= Julia Preston =

American journalist (born 1951)

Julia Preston (born May 29, 1951) is an American journalist and contributing writer for The Marshall Project, focusing on immigration. Preston was a foreign and national correspondent and an editor for The New York Times for 21 years, from 1995 through 2016. She was a member of the New York Times team, of four reporters and an editor, that won the Pulitzer Prize for International Reporting in 1998, "for its revealing series that profiled the corrosive effects of drug corruption in Mexico." She is the co-author, with Samuel Dillon, of Opening Mexico: The Making of a Democracy, "a sweeping account of a nation's struggle for democracy." It tells the story "of the citizens' movement that ended seven decades of harsh and kleptocratic one-party rule" in Mexico.

== Early life and education ==
Preston was born in Lake Forest, Illinois. In 1980, a residence in Lake Forest that had been the home of Preston's grandmother, Margaret Atwater Preston, and later of her father, Henry Atwater Preston, was transferred by her father to the Ragdale Foundation to complete the grounds for the Ragdale artists' community, a non-profit retreat for artists, musicians and writers, "one of the largest interdisciplinary artists' communities in the country."

Preston matriculated in the first class of freshman women admitted to Yale University, entering in the fall of 1969. She took several years off, graduating from Yale with a B.A. in 1976, though she is still identified with the class of 1973.

== Career ==
From 1980 to 1990, Preston was a correspondent covering armed conflicts in Central America, including the civil war in El Salvador and the contra insurgency, backed by the United States, against the Sandinista government in Nicaragua. She reported on Central America for The Boston Globe from 1983 to 1985 and for The Washington Post from 1985 to 1990.

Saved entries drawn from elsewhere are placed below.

Lemma coboundaryE o X i j : D o X i j = coboundary_entry o X (enum_val i) (enum_val j).
Proof. by rewrite mxE. Qed.

Lemma dq_restrict o (X Y : {set {set V}}) q : is_complex X -> X \subset Y ->
  dq S o X q = dq S o Y q *m cp X q.+1.
Proof.
move=> [_ Xdown] XY; apply/matrixP => i j.
rewrite mulmx_cochain_projE !cochain_proj_mulmxE !coboundaryE.
rewrite /in_cochains /coboundary_entry; case: (enum_val i) (enum_val j) => [s k] [t l] /=.
have [tX|_] := boolP (t \in X); last by rewrite andbF !mulr0.
rewrite (subsetP XY _ tX) !andbT.
have [cs|_] := eqVneq #|s| q.+1; last by rewrite !andbF !mul0r.
case: (eqVneq (incidence K o s t) 0) => [->|/incidence_face/andP[st /eqP ct]].
  by rewrite !(mul0r, mulr0, if_same).
have sX : s \in X by apply: Xdown tX st _; rewrite -card_gt0 cs.
by rewrite sX (subsetP XY _ sX) ct cs eqxx mulr1.
Qed.

Lemma coboundary_sqrE o X (a b : idx S) :
  (D o X *m D o X) (enum_rank a) (enum_rank b) =
  \sum_(t : {set V}) \sum_(l : 'I_(stalk_dim S t))
     coboundary_entry o X a (Tagged _ l) * coboundary_entry o X (Tagged _ l) b.
Proof.
rewrite mxE (reindex (@enum_rank (idx S))) /=; last by apply: onW_bij; apply: enum_rank_bij.
by rewrite sig_big_dep; apply: eq_bigr => -[t l] _; rewrite !coboundaryE !enum_rankK.
Qed.

Lemma coboundary_sqr o Y : is_complex Y -> is_orientation Y o -> is_cellular_sheaf Y S ->
  D o Y *m D o Y = 0.
Proof.
move=> Ycx Yo [_ Ycomp]; apply/matrixP => i k.
rewrite -(enum_valK i) -(enum_valK k) coboundary_sqrE mxE.
case: (enum_val i) (enum_val k) => [s ks] [u ku]; rewrite /coboundary_entry /=.
have [sY|_] := boolP (s \in Y); last first.
  by rewrite big1 // => t _; rewrite big1 // => l _; rewrite mul0r.
have [uY|_] := boolP (u \in Y); last first.
  by rewrite big1 // => t _; rewrite big1 // => l _; rewrite andbF mulr0.
rewrite (bigID (mem Y)) /= [X in _ + X]big1 ?addr0 => [|t /negbTE tY]; last first.
  by rewrite big1 // => l _; rewrite tY mul0r.
transitivity (\sum_(t in Y) incidence K o s t * incidence K o t u * restr S s u ks ku).
  apply: eq_bigr => t tY; rewrite tY.
  under eq_bigr => l _ do rewrite mulrACA.
  rewrite -mulr_sumr.
  case: (eqVneq (incidence K o s t * incidence K o t u) 0) => [->|]; first by rewrite !mul0r.
  rewrite mulf_eq0 negb_or => /andP[/incidence_face/andP[st _] /incidence_face/andP[tu _]].
  by rewrite (Ycomp s t u) // mxE.
by rewrite -mulr_suml sum_incidence_mul // mul0r.
Qed.

Lemma dq_proj o X q : is_complex X -> dq S o X q *m cp X q.+1 = dq S o X q.
Proof. by move=> Xc; rewrite -dq_restrict. Qed.

Lemma proj_dq o X q : cp X q *m dq S o X q = dq S o X q.
Proof. by rewrite /dq mulmxA cochain_proj_idem. Qed.

Lemma dq_mul_dq o Y q : is_complex Y -> is_orientation Y o -> is_cellular_sheaf Y S ->
  dq S o Y q *m dq S o Y q.+1 = 0.
Proof.
move=> Yc Yo YS; rewrite [dq S o Y q.+1]/dq mulmxA dq_proj //.
by rewrite /dq -mulmxA coboundary_sqr // mulmx0.
Qed.

Lemma coboundaries_sub_cocycles o Y q :
  is_complex Y -> is_orientation Y o -> is_cellular_sheaf Y S ->
  (coboundaries S o Y q <= cocycles S o Y q)%MS.
Proof.
case: q => [|q] Yc Yo YS; first exact: sub0mx.
by rewrite /coboundaries /= sub_capmx -{1}(dq_proj o q Yc) submxMl sub_kermx dq_mul_dq ?eqxx.
Qed.

Lemma dprev_restrict o (X Y : {set {set V}}) q : is_complex X -> X \subset Y ->
  dprev S o X q = dprev S o Y q *m cp X q.
Proof. by case: q => [|q] Xc XY /=; rewrite ?mul0mx // (dq_restrict o q Xc XY). Qed.

End Cochains.

Section Adjoint.
Variables (K : numFieldType) (cj : {rmorphism K -> K}).
Hypothesis cjK : involutive cj.
Hypothesis mul_conj_ge0 : forall x : K, 0 <= x * cj x.

Local Notation "A ^H" := (adjmx cj A) (at level 8, format "A ^H").

Lemma adjmxM m n p (A : 'M[K]_(m, n)) (B : 'M[K]_(n, p)) : (A *m B)^H = B^H *m A^H.
Proof. by rewrite /adjmx map_mxM trmx_mul. Qed.

Lemma adjmxK m n (A : 'M[K]_(m, n)) : A^H^H = A.
Proof. by apply/matrixP => i j; rewrite /adjmx !mxE; apply: cjK. Qed.

Lemma adjmx0 m n : (0 : 'M[K]_(m, n))^H = 0.
Proof. by rewrite /adjmx map_mx0 trmx0. Qed.

Lemma adjmx_eq0 m n (A : 'M[K]_(m, n)) : (A^H == 0) = (A == 0).
Proof. by apply/eqP/eqP => [A0|->]; [rewrite -[A]adjmxK A0|]; rewrite adjmx0. Qed.

Lemma mxrank_adj m n (A : 'M[K]_(m, n)) : \rank A^H = \rank A.
Proof. by rewrite /adjmx mxrank_tr mxrank_map. Qed.

Lemma mulmx_adj_diag_eq0 m n (A : 'M[K]_(m, n)) i : ((A *m A^H) i i == 0) = (row i A == 0).
Proof.
have -> : (A *m A^H) i i = \sum_j A i j * cj (A i j) by rewrite mxE; apply: eq_bigr => j _; rewrite !mxE.
rewrite psumr_eq0 //; apply/allP/eqP => [A0|/rowP A0 j _].
  apply/rowP => j; have /implyP/(_ isT) := A0 j (mem_index_enum j).
  by rewrite !mxE mulf_eq0 fmorph_eq0 orbb => /eqP.
by have := A0 j; rewrite !mxE => ->; rewrite mul0r eqxx.
Qed.

Lemma mulmx_adj_eq0 m n (A : 'M[K]_(m, n)) : (A *m A^H == 0) = (A == 0).
Proof.
apply/eqP/eqP => [AA0|->]; last by rewrite mul0mx.
by apply/row_matrixP => i; apply/eqP; rewrite row0 -mulmx_adj_diag_eq0 AA0 mxE.
Qed.

Lemma mulmx_adj_diag_ge0 m n (A : 'M[K]_(m, n)) i : 0 <= (A *m A^H) i i.
Proof. by rewrite mxE sumr_ge0 // => j _; rewrite !mxE. Qed.

Lemma rv_mulmx_adj_eq0 n (x : 'rV[K]_n) : ((x *m x^H) 0 0 == 0) = (x == 0).
Proof. by rewrite mulmx_adj_diag_eq0 row_id. Qed.

Lemma mxrank_mul_adj m n (A : 'M[K]_(m, n)) : \rank (A *m A^H) = \rank A.
Proof.
apply/eqP; rewrite eqn_leq mxrankM_maxl /=.
have kerA : (kermx (A *m A^H) <= kermx A)%MS.
  have /sub_kermxP kerAA := submx_refl (kermx (A *m A^H)).
  by apply/sub_kermxP/eqP; rewrite -mulmx_adj_eq0 adjmxM mulmxA -(mulmxA _ A) kerAA !mul0mx.
have := rank_leq_row A; have := rank_leq_row (A *m A^H).
by move: (mxrankS kerA); rewrite !mxrank_ker; lia.
Qed.

Lemma mxrank_ortho m1 m2 n (W : 'M[K]_(m1, n)) (B : 'M[K]_(m2, n)) :
  (B <= W)%MS -> \rank (W :&: kermx B^H)%MS = (\rank W - \rank B)%N.
Proof.
move=> BW; have := mxrank_mul_ker W B^H.
have -> : \rank (W *m B^H) = \rank B.
  apply/eqP; rewrite eqn_leq -{1}(mxrank_adj B) mxrankM_maxr.
  by rewrite -{1}(mxrank_mul_adj B) mxrankS // submxMr.
by move=> <-; lia.
Qed.

Lemma ortho_complement_sub m1 m2 m3 n (W : 'M[K]_(m1, n)) (A : 'M[K]_(m2, n))
    (X : 'M[K]_(m3, n)) :
  (A <= W)%MS -> (X <= W :&: kermx A^H)%MS -> (W :&: kermx X^H <= A)%MS ->
  (W :&: kermx A^H <= X)%MS.
Proof.
move=> AW XWA WXA; have XW : (X <= W)%MS := submx_trans XWA (capmxSl _ _).
have [_ <-] := mxrank_leqif_sup XWA; apply/eqP.
by move: (mxrankS XWA) (mxrankS WXA) (mxrankS AW); rewrite !mxrank_ortho //; lia.
Qed.

Lemma ortho_ortho_sub m1 m2 n (W : 'M[K]_(m1, n)) (A : 'M[K]_(m2, n)) :
  (A <= W)%MS -> (W :&: kermx (W :&: kermx A^H)^H <= A)%MS.
Proof.
move=> AW; apply: ortho_complement_sub => //; first exact: capmxSl.
rewrite sub_capmx AW sub_kermx -adjmx_eq0 adjmxM adjmxK.
by apply/eqP/sub_kermxP; exact: capmxSr.
Qed.

Lemma sub_idem m n (P : 'M[K]_n) (u : 'M[K]_(m, n)) :
  P *m P = P -> (u <= P)%MS = (u *m P == u).
Proof.
move=> PP; apply/idP/idP => [/submxP[x ->]|/eqP <-]; last exact: submxMl.
by rewrite -mulmxA PP.
Qed.
(* Let $0<\gamma\le 1/2$, let $(x,z)$ be an optimal extreme point solution of LP-CVRP-MD with optimum value $\mathrm{opt}_{LP}$, run the sampling procedure described in the context, let $U$ be the set of clients lying on no sampled branching, and let $F$ be a minimum-cost spanning forest of the complete graph on $C\cup R$ (edge costs $c$) in which each connected component contains exactly one vertex of $R\cup(C\setminus U)$. Then $\mathbb E[c(F)]\le e^{-\gamma}\,\mathrm{opt}_{LP}$.
   Context: Problem: nonempty disjoint finite sets $C$ (clients) and $R$ (depots), $V = C\cup R$, a metric $c$ on $V$, integer capacity $k \ge 3$; $c(v,R):=\min_{r\in R}c(v,r)>0$ for every client $v$. Work in the complete bidirected graph on $V$ (directed edges $(a,b)$ of cost $c(a,b)$); for a vector $y$ on directed edges and $S\subseteq V$, $y(\delta^{in}(S))$, $y(\delta^{out}(S))$ are sums over edges entering/leaving $S$. LP-CVRP-MD has variables $x^r_{v,e}\ge 0$ ($r\in R$, $v\in C$, $e$ a directed edge) and $z^r_{v,u}\ge0$ ($r\in R$, $v\in C$, $u\in V$), objective: minimize $\sum_{r,v,e} c(e)x^r_{v,e}$, constraints: (1) $x^r_v(\delta^{out}(u))$ is $2z^r_{v,v}$ if $u=r$, $0$ if $u=v$, $z^r_{v,u}$ otherwise; (2) $x^r_v(\delta^{in}(u))$ is $0$ if $u=r$, $2z^r_{v,v}$ if $u=v$, $z^r_{v,u}$ otherwise (for all $r\in R,v\in C,u\in V$); (3) $x^r_v(\delta^{in}(S))\ge z^r_{v,u}$ whenever $u\in S\subseteq V\setminus\{r\}$; (4) $\sum_{r\in R}\sum_{v\in C} z^r_{v,u}=1$ for all $u\in C$; (5) $z^r_{v,u}\le z^r_{v,v}$ for $u,v\in C$; (6) $z^r_{v,u}=0$ if $u,v\in C$ and $c(u,r)>c(v,r)$; (7) $\sum_{u\in C}z^r_{v,u}\le k z^r_{v,v}$. An $r$-branching is a tree rooted at $r$ oriented away from $r$. Sampling procedure: for each $r\in R$, $v\in C$, take $r$-branchings $B_1,B_2,\dots$ (finitely many) with weights $\mu_i\ge0$, $\sum_i\mu_i = 2\gamma z^r_{v,v}$, such that every directed edge $e$ lies in branchings of total weight at most $\gamma x^r_{v,e}$, $v$ lies on every $B_i$, and every client $u\neq v$ lies in branchings of total weight at least $\gamma z^r_{v,u}$ (such a decomposition exists by a theorem of Bang-Jensen, Frank and Jackson). Independently include each $B_i$ with probability $\mu_i$. $c(F)$ denotes the total edge cost of $F$. *)

From mathcomp Require Import all_boot all_order all_algebra.
From mathcomp Require Import reals sequences exp.
Set Implicit Arguments. Unset Strict Implicit. Unset Printing Implicit Defensive.
Import Order.TTheory GRing.Theory Num.Theory.
Local Open Scope ring_scope.

(* Vertex set V (a finite type); Dep = R (depots); clients C = ~: Dep. *)

Definition is_metric (R : realType) (V : finType) (c : V -> V -> R) : Prop :=
  [/\ (forall a, c a a = 0),
      (forall a b, a != b -> 0 < c a b),
      (forall a b, c a b = c b a) &
      (forall a b d, c a d <= c a b + c b d)].

(* LP variables: x r v a b = x^r_{v,(a,b)}, z r v u = z^r_{v,u}.
   Coordinates not corresponding to an LP variable (r not a depot,
   v not a client, or a = b) are fixed to 0. *)
Definition lp_feasible (R : realType) (V : finType) (Dep : {set V})
    (c : V -> V -> R) (k : nat)
    (x : V -> V -> V -> V -> R) (z : V -> V -> V -> R) : Prop :=
  (forall r v a b, ~~ [&& r \in Dep, v \in ~: Dep & a != b] -> x r v a b = 0) /\
      (forall r v u, ~~ ((r \in Dep) && (v \in ~: Dep)) -> z r v u = 0) /\
      (forall r v a b, 0 <= x r v a b) /\
      (forall r v u, 0 <= z r v u) /\
      (forall r v u, r \in Dep -> v \in ~: Dep ->
         \sum_(b : V) x r v u b =
           (if u == r then 2 * z r v v else if u == v then 0 else z r v u)) /\
      (forall r v u, r \in Dep -> v \in ~: Dep ->
         \sum_(a : V) x r v a u =
           (if u == r then 0 else if u == v then 2 * z r v v else z r v u)) /\
      (* (3) cut constraints *)
      (forall r v (S : {set V}) u, r \in Dep -> v \in ~: Dep -> u \in S -> r \notin S ->
         z r v u <= \sum_(e : V * V | (e.1 \notin S) && (e.2 \in S)) x r v e.1 e.2) /\
      (* (4) *)
      (forall u, u \in ~: Dep -> \sum_(r in Dep) \sum_(v in ~: Dep) z r v u = 1) /\
          (forall r v u, r \in Dep -> v \in ~: Dep -> u \in ~: Dep -> z r v u <= z r v v) /\
          (forall r v u, r \in Dep -> v \in ~: Dep -> u \in ~: Dep ->
             c v r < c u r -> z r v u = 0) /\
          (forall r v, r \in Dep -> v \in ~: Dep ->
             \sum_(u in ~: Dep) z r v u <= k%:R * z r v v).

Definition lp_cost (R : realType) (V : finType) (Dep : {set V})
    (c : V -> V -> R) (x : V -> V -> V -> V -> R) : R :=
  \sum_(r in Dep) \sum_(v in ~: Dep) \sum_(e : V * V | e.1 != e.2)
     c e.1 e.2 * x r v e.1 e.2.
Lemma filterlim_at_right_of_continuous (f g : R -> R) d : 0 < d ->
  (forall t, 0 < t < d -> f t = g t) -> continuous g 0 ->
  filterlim f (at_right 0) (locally (g 0)).
Proof.
  intros Hd Hfg Hg. apply filterlim_ext_loc with g.
  - exists (mkposreal d Hd). intros y Hy Hy0. symmetry. apply Hfg. split; [exact Hy0|].
    unfold ball in Hy; simpl in Hy; unfold AbsRing_ball, abs, minus, plus, opp in Hy; simpl in Hy.
    apply Rabs_def2 in Hy. lra.
  - eapply filterlim_filter_le_1; [|exact Hg].
    intros P [e He]. exists e. intros y Hy _. now apply He.
Qed.

(* Extending [K] by its limit makes [z |-> RInt _ z 1] continuous at [0]. *)
Lemma wint_RInt M (K : R -> R) L : 1 < M ->
  (forall t, 0 < t <= 1 -> continuous K t) -> filterlim K (at_right 0) (locally L) ->
  ex_RInt (fun t => wgt M t * K t) 0 1 /\
  wint_ex M K /\ wint M K = RInt (fun t => wgt M t * K t) 0 1.
Proof.
  intros HM Hc Hl.
  set (g := fun t => wgt M t * extl K L t).
  assert (Hg : forall t, t <= 1 -> continuous g t).
  { intros t Ht. apply continuous_Rmult; [now apply continuous_wgt|].
    now apply (continuous_extl K L 1). }
  assert (HgK : forall t, 0 < t -> g t = wgt M t * K t)
    by (intros t Ht; unfold g; now rewrite extl_pos).
  set (If := fun z => RInt g z 1).
  assert (HIf : forall z, z <= 1 -> is_RInt g z 1 (If z)).
  { intros z Hz. apply (RInt_correct (V := R_CompleteNormedModule)).
    apply (ex_RInt_continuous_R g z 1); try lra. intros; apply Hg; lra. }
  assert (Hcont : continuous If 0).
  { apply (continuous_RInt_2 (V := R_NormedModule) g 0 1 If).
    apply locally_interval with m_infty (Finite 1); simpl; try lra.
    intros z _ Hz. apply HIf. lra. }
  assert (Hgen : is_RInt_gen (fun t => wgt M t * K t) (at_right 0) (at_point 1) (If 0)).
  { intros P [eps HP]. destruct (proj1 (filterlim_locally _ _) Hcont eps) as [d Hd].
    apply Filter_prod with (fun x => 0 < x < Rmin d 1) (fun y => y = 1).
    - assert (Hm : 0 < Rmin d 1) by (apply Rmin_glb_lt; [apply cond_pos|lra]).
      exists (mkposreal _ Hm). intros x Hx Hx0. split; [exact Hx0|].
      unfold ball in Hx; simpl in Hx; unfold AbsRing_ball, abs, minus, plus, opp in Hx; simpl in Hx.
      apply Rabs_def2 in Hx. lra.
    - reflexivity.
    - intros x y Hx ->. pose proof (Rmin_l d 1). pose proof (Rmin_r d 1).
      exists (If x). split.
      + apply (is_RInt_ext (V := R_NormedModule) g); [|apply HIf; lra].
        intros t Ht. simpl in Ht. rewrite Rmin_left, Rmax_right in Ht by lra. apply HgK. lra.
      + apply HP, Hd.
        unfold ball; simpl; unfold AbsRing_ball, abs, minus, plus, opp; simpl.
        apply Rabs_def1; lra. }
  split; [|split; [now exists (If 0)|]].
  { apply (ex_RInt_ext g); [|exists (If 0); apply HIf; lra].
    intros t Ht. rewrite Rmin_left, Rmax_right in Ht by lra. apply HgK. lra. }
  unfold wint. rewrite (is_RInt_gen_unique _ _ Hgen).
  unfold If. apply RInt_ext. intros t Ht. rewrite Rmin_left, Rmax_right in Ht by lra.
  apply HgK. lra.
Qed.

Lemma wint_RInt_supported M (K k : R -> R) a b : 1 < M -> 0 <= a < b -> b <= 1 ->
  (forall t, 0 < t <= 1 -> continuous K t) -> (exists L, filterlim K (at_right 0) (locally L)) ->
  (forall t, 0 < t <= 1 -> ~ a < t < b -> K t = 0) -> (forall t, a < t < b -> K t = k t) ->
  wint_ex M K /\ wint M K = RInt (fun t => wgt M t * k t) a b.
Proof.
  intros HM Hab Hb HK [L HKl] Hout Hin.
  destruct (wint_RInt M K L) as [Hex [Hw ->]]; try assumption.
  split; [exact Hw|]. rewrite (RInt_zero_outside _ 0 1 a b); try assumption; try lra.
  - apply RInt_ext. intros x Hx. rewrite Rmin_left, Rmax_right in Hx by lra. now rewrite Hin.
  - intros t Ht. rewrite Hout by lra. ring.
  - intros t Ht. rewrite Hout by lra. ring.
Qed.

Lemma S_M_le_quotient M (u : R -> R) : 0 < S_M M -> H10M M u ->
  (exists t, 0 < t < 1 /\ u t <> 0) ->
  wint_ex M (fun t => rpow (Rabs (u t)) (2 * M / (M - 2))) ->
  S_M M <= wint M (fun t => Derive u t ^ 2) /
           rpow (wint M (fun t => rpow (Rabs (u t)) (2 * M / (M - 2)))) ((M - 2) / M).
Proof.
  intros HS Hu Hnz Hq. unfold S_M in *.
  match goal with |- real (Rbar_glb ?P) <= ?x =>
    assert (Hle : Rbar_le (Rbar_glb P) (Finite x)) by (apply Rbar_glb_lb; now exists u) end.
  destruct (Rbar_glb _) as [s| |]; simpl in *; lra.
Qed.

(** * A C^1 truncation *)

(* Composed with [V] and extended by [0] outside a nodal zone, [psi eps] yields an admissible
   test function for [S_M]. *)
Definition psi (eps x : R) := if Rle_dec x eps then 0 else (x - eps) ^ 2 / x.
Definition dpsi (eps x : R) := if Rle_dec x eps then 0 else 1 - eps ^ 2 / x ^ 2.

Lemma psi_small eps x : x <= eps -> psi eps x = 0.
Proof. intros; unfold psi; destruct (Rle_dec x eps); lra. Qed.

Lemma dpsi_small eps x : x <= eps -> dpsi eps x = 0.
Proof. intros; unfold dpsi; destruct (Rle_dec x eps); lra. Qed.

Preston was awarded the 1997 Maria Moors Cabot prize for distinguished coverage of Latin America. She was a winner, along with four other Washington Post reporters, of the 1994 Robert F. Kennedy journalism award for international reporting. The award was for "Third World, Second Class," a series that chronicled the daily burdens of poverty, sickness and exploitation faced by women in developing countries.

After ten years as the national immigration correspondent for The New York Times, Preston joined The Marshall Project, a nonprofit news organization that covers the U.S. criminal justice system. Her first story, published two weeks after the inauguration of President Donald Trump, noted "the administration was laying the groundwork for a vast expansion of the nation's deportation system." Preston's work for The Marshall Project has included two collaborations with the radio program This American Life.

== Personal life ==
Preston was married to Sam Dillon, then also a journalist, in 1987. They divorced in 2005. They have one daughter.